The American Academy of Pain Medicine      Annual Meeting Home Page     
23rd Annual Meeting
February 7-10, 2007
New Orleans, LA
© 2006 American Academy of Pain Medicine
 


Thursday, February 8, 2007
103

A Single Intra-Operative Administration of 4975 Provides Well-Tolerated, Long-Term Analgesia for Postsurgical Pain After Total Knee Arthroplasty

J. Davis, M.D.1, H. Williams, M.D.1, K. Bramlett, M.D.1, T. Powell, M.D.1, A. Schuster, M.D.1, K.P. Yu, M.D.2, and D. Gennevois, M.D.2. (1) Capstone Clinical Trials, Inc., Birmingham, AL, USA, (2) Anesiva, Inc., South San Francisco, CA, USA

Introduction: 4975 is a novel, long-acting, non-opioid analgesic for moderate-to-severe pain that specifically targets TRPV1 receptors. In clinical trials, a single, local administration of 4975 provided prolonged analgesia for postsurgical pain, osteoarthritis, intermetatarsal neuroma, and tendonitis.1-3

Purpose: To evaluate the safety and tolerability and explore the efficacy of 4975 for postsurgical pain after total knee arthroplasty (TKA).

Methods: Fifty patients undergoing unilateral TKA were randomized to receive a single intra-operative instillation of 60mL 4975 (5mg; n=25) or placebo (n=25).
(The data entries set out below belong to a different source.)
Definition bilin (m n : nat) (x : 'cV[R]_m) (A : 'M[R]_(m, n)) (y : 'cV[R]_n) : R :=
  (x^T *m A *m y) 0 0.

Definition norm1 (n : nat) (x : 'cV[R]_n) : R := \sum_i `|x i 0|.
Definition norm2 (n : nat) (x : 'cV[R]_n) : R := Num.sqrt (\sum_i (x i 0) ^+ 2).
Definition frob (m n : nat) (A : 'M[R]_(m, n)) : R :=
  Num.sqrt (\sum_i \sum_j (A i j) ^+ 2).

Definition inC (F : nat) (c r : R) (u v : 'cV[R]_F) : Prop :=
  (forall i, 0 <= u i 0 <= 1) /\ (forall j, 0 <= v j 0 <= 1) /\
  \sum_i u i 0 <= c /\ \sum_j v j 0 <= r.

Definition supC (F : nat) (c r : R) (P : 'M[R]_F) : R :=
  sup [set x : R | exists u v, inC c r u v /\ x = bilin u P v]%classic.

Definition is_argmaxC (F : nat) (c r : R) (M : 'M[R]_F) (u v : 'cV[R]_F) : Prop :=
  inC c r u v /\ forall u' v', inC c r u' v' -> bilin u' M v' <= bilin u M v.

(* the finite list cov is an epsilon-cover of C_{c,r} (duplicate-free, so
   its size is the cardinality |N_eps|) *)
Definition is_eps_cover (F : nat) (c r eps : R) (cov : seq ('cV[R]_F * 'cV[R]_F)) : Prop :=
  uniq cov /\
  forall u v, inC c r u v ->
    exists2 xy, xy \in cov & norm2 (u - xy.1) <= eps / 8 /\ norm2 (v - xy.2) <= eps / 8.

Definition kappa_ok (kappa : R) : Prop :=
  forall (m n : nat) (x : 'cV[R]_m) (A : 'M[R]_(m, n)) (y : 'cV[R]_n),
    `|bilin x A y| <= kappa * norm1 x * norm1 y * frob A.

(* d i s  : number of requests for file i in slot s  (s = 0..t-1)
   rec j s : indicator v_j^{s-1} (file j recommended in the slot preceding s) *)
Definition Phat (F t N : nat) (d : 'I_F -> 'I_t -> nat) (rec : 'I_F -> 'I_t -> bool)
  : 'M[R]_F :=
  \matrix_(i, j) ((\sum_(s < t) ((d i s)%:R * (rec j s)%:R))
                  / (N%:R * \sum_(s < t) (rec j s)%:R)).

End Defs.

From mathcomp Require Import all_boot all_order all_algebra.
From mathcomp Require Import boolp classical_sets reals sequences exp.
From mathcomp Require Import ring lra.
Import Order.TTheory GRing.Theory Num.Theory.
Local Open Scope ring_scope.

(* If every entry of the estimate is within eta := eps / (2 c r) of P, then, u and v being
   nonnegative with ||u||_1 <= c and ||v||_1 <= r, the objectives u^T Phat v and u^T P v differ
   by at most eps / 2 uniformly on C_{c,r}, so the plug-in maximiser is eps-optimal for P.
   For one entry (i, j), condition on the recommendation pattern of file j: the counts in the
   m recommended slots are independent Binomial(N, p_ij), and Chernoff's bound with the
   sub-Gaussian estimate of the Binomial moment generating function bounds the deviation
   probability by 2 exp(-m N eta^2 / 2). Averaging over the Bernoulli(q) pattern gives
   2 (q exp(-N eta^2 / 2) + 1 - q)^t <= 2 exp(-t q (1 - exp(-N eta^2 / 2))), and a union bound
   over the F^2 entries concludes. The cover and kappa only enter through |N_eps| >= 1 and
   kappa >= 1, which make the stated sample-size condition stronger than needed. *)

Set Implicit Arguments.
Unset Strict Implicit.
Unset Printing Implicit Defensive.

Section BinomialBounds.
Variable R : realType.

Lemma expR_le_quadratic (y : R) : -1 <= y <= 1 -> expR y <= 1 + y + 2 * y ^+ 2.
Proof.
move=> /andP[y_ge y_le]; set z := y / 2.
have z_le : z <= 1 / 2 by rewrite /z; lra.
have z_ge : - (1 / 2) <= z by rewrite /z; lra.
have ez_gt0 : 0 < expR z := expR_gt0 z.
(* [expR z * (1 - z) <= expR z * expR (- z) = 1], i.e. [expR z <= 1 / (1 - z)] *)
have ez_1Bz : expR z * (1 - z) <= 1.
  rewrite -[leRHS](expR0 R) -(subrr z) expRD.
  by apply: ler_wpM2l; [exact: ltW | exact: expR_ge1Dx].
have ez_le : expR z <= 1 + z + 2 * z ^+ 2 by nra.
have -> : y = z + z by rewrite /z; field.
rewrite expRD.
apply: le_trans (ler_pM (ltW ez_gt0) (ltW ez_gt0) ez_le ez_le) _.
have : 0 <= z ^+ 2 * ((1 - 2 * z) * (3 + 2 * z)).
  by apply: mulr_ge0; [exact: sqr_ge0 | apply: mulr_ge0; lra].
suff -> : 1 + (z + z) + 2 * (z + z) ^+ 2 = (1 + z + 2 * z ^+ 2) * (1 + z + 2 * z ^+ 2)
  + z ^+ 2 * ((1 - 2 * z) * (3 + 2 * z)) by lra.
by ring.
Qed.

Lemma bernoulli_mgf_le (p l : R) : 0 <= p <= 1 -> -1 <= l <= 1 ->
  (1 - p) * expR (- (l * p)) + p * expR (l * (1 - p)) <= expR (l ^+ 2 / 2).
Proof.
move=> /andP[p_ge0 p_le1] /andP[l_ge l_le].
have e1 : expR (- (l * p)) <= 1 - l * p + 2 * (l * p) ^+ 2.
  by rewrite -sqrrN; apply: expR_le_quadratic; apply/andP; split; nra.
have e2 : expR (l * (1 - p)) <= 1 + l * (1 - p) + 2 * (l * (1 - p)) ^+ 2.
  by apply: expR_le_quadratic; apply/andP; split; nra.
have {}e1 := ler_wpM2l (_ : 0 <= 1 - p) e1; have {}e2 := ler_wpM2l p_ge0 e2.
have pq_le : l ^+ 2 * (p * (1 - p)) <= l ^+ 2 / 4.
  have pq : p * (1 - p) <= 1 / 4.
    by rewrite -subr_ge0 (_ : _ - _ = (p - 1 / 2) ^+ 2) ?sqr_ge0 //; field.
  by have := ler_wpM2l (sqr_ge0 l) pq; lra.
apply: le_trans (expR_ge1Dx _).
suff : (1 - p) * (1 - l * p + 2 * (l * p) ^+ 2) + p * (1 + l * (1 - p) + 2 * (l * (1 - p)) ^+ 2)
  = 1 + 2 * (l ^+ 2 * (p * (1 - p))) by lra.
by ring.
Qed.

Lemma binomial_mgf_le (N : nat) (p l : R) : 0 <= p <= 1 -> -1 <= l <= 1 ->
  \sum_(x < N.+1) binom_pmf N p x * expR (l * (x%:R - N%:R * p))
  <= expR (N%:R * (l ^+ 2 / 2)).
Proof.
move=> p01 l11; have /andP[p_ge0 p_le1] := p01.
have -> : \sum_(x < N.+1) binom_pmf N p x * expR (l * (x%:R - N%:R * p))
    = ((1 - p) * expR (- (l * p)) + p * expR (l * (1 - p))) ^+ N.
  have -> : (1 - p) * expR (- (l * p)) + p * expR (l * (1 - p))
      = ((1 - p) + p * expR l) * expR (- (l * p)).
    by rewrite (_ : l * (1 - p) = l + - (l * p)) ?expRD; ring.
  rewrite exprMn exprDn mulr_suml; apply: eq_bigr => x _.
  have -> : l * (x%:R - N%:R * p) = x%:R * l + N%:R * (- (l * p)) by ring.
  by rewrite /binom_pmf expRD !expRM_natl exprMn -mulr_natr; ring.
rewrite expRM_natl; apply: lerXn2r; rewrite ?nnegrE ?expR_ge0 //.
- by apply: addr_ge0; apply: mulr_ge0; rewrite ?expR_ge0 //; lra.
- exact: bernoulli_mgf_le.
Qed.

Lemma binom_pmf_ge0 (N : nat) (p : R) k : 0 <= p <= 1 -> 0 <= binom_pmf N p k.
Proof. by case/andP=> p_ge0 p_le1; rewrite !mulr_ge0 ?exprn_ge0 ?subr_ge0. Qed.

Lemma binomial_chernoff_term_le (N : nat) (p eta l : R) :
  0 <= p <= 1 -> -1 <= l <= 1 -> l ^+ 2 = eta ^+ 2 ->
  \sum_(x < N.+1) binom_pmf N p x * expR (l * (x%:R - N%:R * p) - eta * N%:R * eta)
  <= expR (- (N%:R * (eta ^+ 2 / 2))).
Proof.
move=> p01 l11 l_eta.
have -> : \sum_(x < N.+1) binom_pmf N p x * expR (l * (x%:R - N%:R * p) - eta * N%:R * eta)
    = (\sum_(x < N.+1) binom_pmf N p x * expR (l * (x%:R - N%:R * p)))
      * expR (- (eta * N%:R * eta)).
  by rewrite mulr_suml; apply: eq_bigr => x _; rewrite expRD mulrA.
apply: le_trans (ler_wpM2r (expR_ge0 _) (binomial_mgf_le N p01 l11)) _.
rewrite -expRD l_eta.
by have -> : N%:R * (eta ^+ 2 / 2) + - (eta * N%:R * eta) = - (N%:R * (eta ^+ 2 / 2)) by field.
Qed.

End BinomialBounds.

Section FiniteProbability.
Variables (R : realType) (Omega : finType) (mu : Omega -> R).
Hypothesis mu_pmf : is_pmf mu.
Lemma limn_einf_lt (u : (\bar R)^nat) t : (limn_einf u < t)%E -> exists n, (u n < t)%E.
Proof.
have : (einfs u 0%N <= limn_einf u)%E.
  rewrite limn_einf_lim; apply: lime_ge; first exact: is_cvg_einfs.
  by apply: nearW => n; apply: nondecreasing_einfs.
move=> /le_lt_trans lt_u /lt_u /ereal_inf_lt[_ [k _ <-]] ukt.
by exists k.
Qed.

Lemma le_Binf (x y : X R) (e1 e2 : R) n : e1 <= e2 ->
  (Binf phi x y e2 n <= Binf phi x y e1 n)%E.
Proof.
move=> e12; apply: ereal_inf_le_tmp => _ [z [d1 d2] <-]; exists z => //.
by split; apply: lt_le_trans e12.
Qed.

Lemma limn_einf_Binf_le_peierls (x y : X R) (e : R) : 0 < e ->
  (limn_einf (Binf phi x y e) <= peierls phi x y)%E.
Proof.
move=> e_gt0; rewrite /peierls.
set P := fun eps : R => limn_einf (Binf phi x y eps).
have P_nonincr : {in `]0, +oo[ &, nonincreasing_fun P}.
  by move=> s t _ _ st; apply: le_limn_einf => n; exact: le_Binf.
apply: lime_ge; first exact: cvgP (@nonincreasing_at_right_cvge _ P 0 +oo%O isT P_nonincr).
near=> t; apply: le_limn_einf => n; apply: le_Binf.
by near: t; exact: nbhs_right_le.
Unshelve. all: by end_near.
Qed.

Lemma peierls_add_neq0 {x y : X R} {e d : R} : 0 < e -> 0 < d ->
  (forall n m z w, Bset x y n e z -> Bset y x m e w ->
     d <= orbit_action z n + orbit_action w m) ->
  (peierls phi x y + peierls phi y x != 0)%E.
Proof.
move=> e_gt0 d_gt0 action_ge.
have near_action x' y' r : peierls phi x' y' = r%:E ->
    exists n z, Bset x' y' n e z /\ orbit_action z n < r + d / 4.
  move=> Exy; have /limn_einf_lt[n] : (limn_einf (Binf phi x' y' e) < (r + d / 4)%:E)%E.
    apply: le_lt_trans (limn_einf_Binf_le_peierls x' y' e e_gt0) _.
    by rewrite Exy lte_fin ltrDl divr_gt0.
  by move=> /ereal_inf_lt[_ [z zB <-]]; rewrite lte_fin => ?; exists n, z.
apply/negP => /eqP sum0.
have : (peierls phi x y + peierls phi y x)%E \is a fin_num by rewrite sum0.
rewrite fin_numD => /andP[xy_fin yx_fin].
have [rxy Exy] : exists r, peierls phi x y = r%:E.
  by exists (fine (peierls phi x y)); rewrite fineK.
have [ryx Eyx] : exists r, peierls phi y x = r%:E.
  by exists (fine (peierls phi y x)); rewrite fineK.
move: sum0 => /eqP; rewrite Exy Eyx -EFinD eqe => /eqP sum0.
have [n [z [zB z_lt]]] := near_action x y rxy Exy.
have [m [w [wB w_lt]]] := near_action y x ryx Eyx.
by have := action_ge n m z w zB wB; lra.
Qed.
Concomitant analgesics included preoperative femoral nerve block with ropivacaine (0.5%, 10–30mL), intra-operative bupivacaine (0.25%, up to 40mL via wound instillation), pre-, intra-, and postoperative ketorolac (15–90mg, IV), and postoperative morphine (up to 10mg, IV bolus). Postoperative opioid rescue medications included IV PCA morphine with lockout (up to 40mg every 4 hours) and hydrocodone/acetaminophen (7.5mg/500mg). Safety and tolerability were evaluated by adverse events and wound healing. Efficacy evaluation included pain on first ambulation (0–10 Numerical Rating Scale on days 1–14), rescue opioid use, and Brief Pain Inventory (BPI) scores (2, 6, and 12 weeks).

Results: Overall adverse event profiles were similar in the two treatment groups. Both exhibited normal wound healing. Average pain on first ambulation was lower on days 1–2, 3–7, and 8–14 in the 4975 group; the difference was significant on day 1 (5.4±2.48 vs. 7.1±2.47; P=0.027). The 4975 group had lower median IV morphine PCA use, but the difference was not statistically significant. At week 2, the 4975 group had significantly lower mean scores for “pain right now” using BPI (2.5±2.02 vs. 3.8±2.45; P=0.049) and “worst pain over the last 24 hours” (3.9±2.32 vs. 5.9±2.64; P=0.007).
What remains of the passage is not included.